Figure 29-2 A 16-year-old girl who was born with Binder syndrome was referred by her orthodontist for surgical evaluation. She agreed to orthodontic treatment that included maxillary first bicuspid extractions and orthognathic and nasal surgery. The patient’s procedures included Le Fort I osteotomy (horizontal advancement); bilateral sagittal split ramus osteotomies; osseous genioplasty; and nasal reconstruction (autogenous rib graft). A, Frontal views in repose before and after reconstruction. B, Frontal views with smile before and after reconstruction. C, Oblique facial views before and after reconstruction. D, Profile views before and after reconstruction. E, Worm’s-eye views before and after reconstruction. F, Occlusal views before and after reconstruction. G, Articulated dental casts that indicate analytic model planning. H, Intraoperative views of open rhinoplasty exposure. The rib bone (dorsal strut) and rib cartilage (caudal strut) grafts are shown before inset. I, Computed tomography scan and intraoperative views that confirm premaxillary hypoplasia consistent with Binder syndrome. J, Lateral cephalometric radiographs before and after reconstruction. B, F (top center and bottom center), H, From Posnick JC, Tompson B: Binder syndrome: Staging of reconstruction and skeletal stability and relapse patters after Le Fort I osteotomy using miniplate fixation, Plast Reconstr Surg 99:965, 1997.
Figure 29-3 A 16-year-old girl who was born with Binder syndrome was referred by her orthodontist for surgical evaluation. She agreed to orthodontic treatment that included maxillary first bicuspid extractions and orthognathic surgery. The patient’s procedures included Le Fort I osteotomy (horizontal advancement); osseous genioplasty (horizontal advancement); and nasal reconstruction. The nasal reconstruction (cranial graft) was complicated by pressure necrosis of the nasal tip skin, which necessitated the removal of the distal aspect of the graft. Six months later, through an open rhinoplasty approach, autogenous rib cartilage (a caudal strut) was used to revise the nasal tip. A, Frontal views in repose before and after reconstruction. B, Profile views before and after reconstruction. C, Worm’s-eye views before and after reconstruction. D, Occlusal views during orthodontics and after reconstruction. E, Articulated dental casts that indicate analytic model planning. F, Lateral cephalometric radiographs before and after reconstruction.

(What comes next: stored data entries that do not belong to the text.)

Lemma is_walk_edge (X : {set {set T}}) x y : [set x; y] \in X -> is_walk X x y [:: y].
Proof. by move=> xy; rewrite /is_walk /= xy eqxx. Qed.

Lemma lift_walk (X Y : {set {set T}}) t :
    (forall a b, [set a; b] \in Y -> stretch_walk X t a b) ->
  forall s p q, is_walk Y p q s ->
  exists2 s', is_walk X p q s' & walk_weight d p s' <= t * walk_weight d p s.
Proof.
move=> hY; elim=> [|y s IHs] p q.
  by case/andP=> _ /= /eqP <-; exists [::]; rewrite /is_walk ?eqxx ?mulr0.
case/andP=> /= /andP[py ps] lq.
have [s1 ws1 w1] := hY _ _ py.
have ws : is_walk Y y q s by apply/andP.
have [s2 ws2 w2] := IHs y q ws.
exists (s1 ++ s2); first exact: is_walk_cat ws1 ws2.
rewrite walk_weight_cat mulrDr.
by case/andP: ws1 => _ /eqP ->; exact: lerD.
Qed.

Lemma sp_dist_le_of_stretch_edges (X Y : {set {set T}}) t : 0 < t ->
    (forall a b, [set a; b] \in Y -> stretch_walk X t a b) ->
  forall p q, (sp_dist d X p q <= t%:E * sp_dist d Y p q)%E.
Proof.
move=> t0 hY p q; rewrite /sp_dist -ereal_inf_pZl //.
apply: le_ereal_inf_tmp => _ [_ [s [ws ->]] <-].
have [s' ws' w'] := lift_walk hY ws.
by apply: ge_ereal_inf; exists (walk_weight d p s')%:E; [exists s' | rewrite -EFinM lee_fin].
Qed.

End Walks.

Lemma detour_weight_le (R : realFieldType) (eps D L w1 w2 e : R) :
  0 < eps -> (2 + 4 / eps) * D <= L ->
  w1 <= (1 + eps) * D -> w2 <= (1 + eps) * D -> e <= L + 2 * D ->
  w1 + (e + w2) <= (1 + eps) * L.
Proof.
move=> eps0 sep w1D w2D eL.
have sep' : (4 + 2 * eps) * D <= eps * L.
  have -> : 4 + 2 * eps = eps * (2 + 4 / eps) by field; rewrite gt_eqF.
  by rewrite -mulrA ler_wpM2l // ltW.
lra.
Qed.

Section Metric.
Variables (R : realType) (T : finType) (d : T -> T -> R).
Hypothesis hd : is_metric d.

Lemma metric_refl x : d x x = 0.
Proof. by case: hd => h _ _; apply/(h x x). Qed.

Lemma metric_sym x y : d x y = d y x.
Proof. by case: hd. Qed.

Lemma metric_tri x y z : d x z <= d x y + d y z.
Proof. by case: hd. Qed.

Lemma metric_ge0 x y : 0 <= d x y.
Proof. by have := metric_tri x y x; rewrite metric_refl (metric_sym y x); lra. Qed.

Lemma metric_gt0 x y : x != y -> 0 < d x y.
Proof.
move=> xy; rewrite lt_def metric_ge0 andbT; apply: contra xy => /eqP.
by case: hd => h _ _ /h ->.
Qed.

Lemma stretch_walk_refl X t p : stretch_walk d X t p p.
Proof. by exists [::]; rewrite /is_walk ?eqxx //= metric_refl mulr0. Qed.

End Metric.

Section Diameter.
Variables (R : realType) (T : finType) (d : T -> T -> R).

Lemma diam_ge (A : {set T}) : {in A &, forall u v, d u v <= diam d A}.
Proof. by move=> u v uA vA; apply: (bigmax_sup u) => //; apply: (bigmax_sup v). Qed.

Lemma set_dist_le (A B : {set T}) u v : u \in A -> v \in B -> set_dist d A B <= d u v.
Proof. by move=> uA vB; apply: (bigmin_inf u) => //; apply: (bigmin_inf v). Qed.

End Diameter.

Section SeparatedPair.
Variables (R : realType) (T : finType) (d : T -> T -> R).
Hypothesis hd : is_metric d.
Variables (E F : {set {set T}}) (f : nat) (eps : R).
Hypotheses (hF : max_deg_le F f) (heps : 0 < eps).
Variables (p q : T) (X Y X' Y' : {set T}) (D : R).
Hypotheses (pq : p != q) (pqF : [set p; q] \notin F).
Hypotheses (pX : p \in X) (qY : q \in Y) (sX : X' \subset X) (sY : Y' \subset Y).
Hypotheses (hX' : p \in X' \/ (f.*2 < #|X'|)%N) (hY' : q \in Y' \/ (f.*2 < #|Y'|)%N).
Hypotheses (dX : {in X &, forall u v, d u v <= D}) (dY : {in Y &, forall u v, d u v <= D}).
Hypothesis sep : (2 + 4 / eps) * D <= d p q.
Hypothesis hE : {in X' & Y', forall x y, x != y -> [set x; y] \in E}.
Hypothesis IH : forall a b, d a b < d p q -> [set a; b] \notin F ->
  stretch_walk d (E :\: F) (1 + eps) a b.

Lemma sep_bound_ge0 : 0 <= D.
Proof. by have := dX pX pX; rewrite metric_refl. Qed.

Lemma sep_bound_lt : D < d p q.
Proof.
have := metric_gt0 hd pq; have := sep_bound_ge0.
have : 0 <= 4 / eps * D by rewrite mulr_ge0 ?divr_ge0 ?sep_bound_ge0 ?ltW.
by move: sep; rewrite mulrDl; lra.
Qed.

Lemma sep_disjoint z : z \in X -> z \notin Y.
Proof.
move=> zX; apply/negP => zY.
have dpq : d p q <= 2 * D.
  by apply: le_trans (metric_tri hd p z q) _; have := dX pX zX; have := dY zY qY; lra.
have : 4 / eps * D <= 0 by move: sep; rewrite mulrDl; lra.
rewrite pmulr_rle0 ?divr_gt0 // => D0.
by have := metric_gt0 hd pq; lra.
Qed.

Lemma exists_fault_free_link : exists x y,
  [/\ x \in X', y \in Y', p = x \/ [set p; x] \notin F,
      q = y \/ [set q; y] \notin F & [set x; y] \notin F].
Proof.
have qX' : q \notin X' := contra (subsetP sX q) (contraL (@sep_disjoint q) qY).
have qpF : [set q; p] \notin F by rewrite setUC.
have [x xX' [px qxF]] := exists_fault_free_endpoint hF hX' qX' qpF.
have xY' : x \notin Y' := contra (subsetP sY x) (sep_disjoint (subsetP sX x xX')).
have xqF : [set x; q] \notin F by rewrite setUC.
have [y yY' [qy xyF]] := exists_fault_free_endpoint hF hY' xY' xqF.
by exists x, y.
Qed.

Lemma stretch_walk_near a b : d a b <= D -> a = b \/ [set a; b] \notin F ->
  stretch_walk d (E :\: F) (1 + eps) a b.
Proof.
move=> abD [<-|abF]; first exact: stretch_walk_refl.
by apply: IH abF; apply: le_lt_trans abD sep_bound_lt.
Qed.
(* Let $K$ be a field and $K\langle x,y\rangle$ the free unitary associative algebra of rank $2$ over $K$. Let $V=\mathrm{span}([x,y]^k\mid k\ge 0)$ where $[x,y]=xy-yx$. Let $u(x,y)\in K\langle x,y\rangle\setminus V$ be written as $u=\sum\gamma_{ab}u_{ab}$, $\gamma_{ab}\in K$, in the basis of elements $$u_{ab}=x^{a_1}y^{b_1}[x,y]x^{a_2}y^{b_2}\cdots x^{a_r}y^{b_r}[x,y]x^{a_{r+1}}y^{b_{r+1}},\quad a_i,b_i,r\ge0,$$ and let $\rho=(\alpha x+p(y),\beta y+\gamma)$, with $\alpha,\beta\in K\setminus\{0\}$, $\gamma\in K$, $p(y)\in K[y]$ of degree at least $2$, be a nonaffine triangular automorphism. If $a_1=\cdots=a_{r+1}=0$ for all summands $u_{ab}$ with nonzero coefficient $\gamma_{ab}$, then $\deg u=\deg(\rho u)$. If some $a_i\neq0$ in some summand $u_{ab}$ with $\gamma_{ab}\neq0$, and $\deg p(y)=k>\deg u$, then $\deg(\overline{\rho u})\ge k$.
   Context: The elements $u_{ab}$ above form a vector space basis of $K\langle x,y\rangle$. The automorphism $\rho=(f,g)$ means $\rho x=f$, $\rho y=g$, and $\rho u=u(f,g)$. $\deg$ denotes total degree. Since $V$ is a graded subspace, the quotient $\overline{K\langle x,y\rangle}=K\langle x,y\rangle/V$ inherits the grading; for $w\notin V$, $\overline{w}$ denotes its image and $\deg\overline{w}$ is the largest $s$ such that the degree-$s$ homogeneous component of $w$ does not lie in $V$. *)

From mathcomp Require Import all_boot all_algebra.
Set Implicit Arguments. Unset Strict Implicit. Unset Printing Implicit Defensive.
Import GRing.Theory.

(* The free unitary associative algebra K<x,y> over a field K, modelled
   concretely: a word in x,y is a [seq bool] (false = x, true = y), and an
   element is a formal finite linear combination [seq (coefficient, word)].
   Two such lists denote the same element iff they have the same
   coefficient function [fa_coef]; all statements below only depend on
   elements through [fa_coef]. *)
Section FreeAlgebra.
Variable K : fieldType.

Definition word := seq bool.
Definition fa := seq (K * word).

Definition fa_coef (u : fa) (w : word) : K :=
  (\sum_(t <- u | t.2 == w) t.1)%R.
Definition fa_eq (u v : fa) : Prop := forall w, fa_coef u w = fa_coef v w.

Definition fa_add (u v : fa) : fa := u ++ v.
Definition fa_scale (c : K) (u : fa) : fa := [seq ((c * t.1)%R, t.2) | t <- u].
Definition fa_mul (u v : fa) : fa :=
  [seq ((s.1 * t.1)%R, s.2 ++ t.2) | s <- u, t <- v].
Definition fa_one : fa := [:: (1%R, [::])].
Definition fa_const (c : K) : fa := [:: (c, [::])].
Definition fa_x : fa := [:: (1%R, [:: false])].
Definition fa_y : fa := [:: (1%R, [:: true])].
Definition fa_pow (u : fa) (n : nat) : fa := iter n (fa_mul u) fa_one.

Definition fa_comm : fa := fa_add (fa_mul fa_x fa_y) (fa_scale (-1)%R (fa_mul fa_y fa_x)).

Definition inV (u : fa) : Prop :=
  exists (n : nat) (c : nat -> K),
    fa_eq u (flatten [seq fa_scale (c i) (fa_pow fa_comm i) | i <- iota 0 n]).

(* total degree (u assumed nonzero) *)
Definition fa_deg (u : fa) : nat :=
  \max_(t <- u | fa_coef u t.2 != 0%R) size t.2.

Definition hom_comp (u : fa) (s : nat) : fa := [seq t <- u | size t.2 == s].

Definition subst_word (f g : fa) (w : word) : fa :=
  foldr (fun b acc => fa_mul (if b then g else f) acc) fa_one w.
Definition fa_subst (f g : fa) (u : fa) : fa :=
  flatten [seq fa_scale t.1 (subst_word f g t.2) | t <- u].

Definition poly_y (p : {poly K}) : fa :=
  flatten [seq fa_scale p`_i (fa_pow fa_y i) | i <- iota 0 (size p)].

Definition rho_tri (alpha beta gamma : K) (p : {poly K}) (u : fa) : fa :=
  fa_subst (fa_add (fa_scale alpha fa_x) (poly_y p))
           (fa_add (fa_scale beta fa_y) (fa_const gamma)) u.

(* basis element u_ab = x^{a1}y^{b1}[x,y]x^{a2}y^{b2}...[x,y]x^{a_{r+1}}y^{b_{r+1}},
   indexed by the nonempty list [:: (a1,b1); ...; (a_{r+1},b_{r+1})] *)
Definition fa_block (a b : nat) : fa := fa_mul (fa_pow fa_x a) (fa_pow fa_y b).
Fixpoint u_ab (ab : seq (nat * nat)) : fa :=
  match ab with
  | [::] => fa_one
  | [:: (a, b)] => fa_block a b
  | (a, b) :: rest => fa_mul (fa_block a b) (fa_mul fa_comm (u_ab rest))
  end.

Definition lincomb_uab (s : seq (K * seq (nat * nat))) : fa :=
  flatten [seq fa_scale t.1 (u_ab t.2) | t <- s].

End FreeAlgebra.

From mathcomp Require Import all_boot all_algebra.
From mathcomp Require Import finmap monalg.
From mathcomp Require Import zify.
Set Implicit Arguments. Unset Strict Implicit. Unset Printing Implicit Defensive.
Import GRing.Theory.

(* Order words degree-lexicographically, with x < y.  This order is
   multiplicative, so leading words multiply.  The leading word of u_ab is
   x^a1 y^b1 (yx) x^a2 y^b2 ... (yx) x^a(r+1) y^b(r+1), and distinct indices
   give distinct words, so the leading word of u is the largest of these and
   deg u is its length.  The leading words of rho x, rho y and
   rho [x,y] = alpha beta [x,y] are y^k, y and yx, so rho u_ab has the
   leading word of u_ab' with ab' = ((0, k a_i + b_i))_i, and the same
   argument applies to rho u as long as ab |-> ab' is injective on the
   indices of u.  If all a_i vanish, ab' = ab and deg (rho u) = deg u.
   Otherwise, if deg u < k, every b_i is below k, which gives injectivity,
   and the leading word w of rho u has length at least k.  It has
   sum (k a_i + b_i) more y's than x's; this vanishes only when ab' = ab,
   and then |w| <= deg u < k.  So w is unbalanced, whereas every word in
   the support of an element of V is balanced. *)

Lemma uniq_map_inj_in (T1 T2 : eqType) (f : T1 -> T2) (s : seq T1) :
  uniq (map f s) -> {in s &, injective f}.
Proof.
elim: s => [|z s IH] //= /andP[fz us] x y.
rewrite !in_cons => /predU1P[-> | xs] /predU1P[-> | ys] // fxy.
- by rewrite fxy map_f in fz.
- by rewrite -fxy map_f in fz.
- exact: IH.
Qed.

Figure 29-4 A 17-year-old boy who was born with Binder syndrome was referred for surgical evaluation. He agreed to orthodontic treatment that included maxillary first bicuspid extractions and orthognathic and nasal surgery. The patient’s procedures included Le Fort I osteotomy (horizontal advancement) and nasal reconstruction (autogenous rib graft). The nasal reconstruction was carried out through an open (columella splitting) technique. The skin of the columella was stretched but not directly lengthened. Autogenous rib bone (dorsal strut) and rib cartilage (caudal strut) were harvested, crafted, and then inset and secured in place. A, Frontal views in repose before and after reconstruction. B, Frontal views with smile before and after reconstruction. C, Close-up profile views before and after reconstruction. D, Worm’s-eye views before and after reconstruction. E, Intraoperative views of open rhinoplasty exposure. A Kirschner wire has been inserted into the base of the maxilla. The Kirschner wire extends out of bone. The rib cartilage (caudal strut) will pierce the Kirschner wire and extend to the nasal tip. The crafted rib bone (dorsal strut) is shown before inset. It will join to the caudal graft to form the nasal tip. F, Occlusal views before and after reconstruction. G, Articulated dental casts that indicate analytic after model planning. H, Lateral cephalometric radiographs before and after reconstruction.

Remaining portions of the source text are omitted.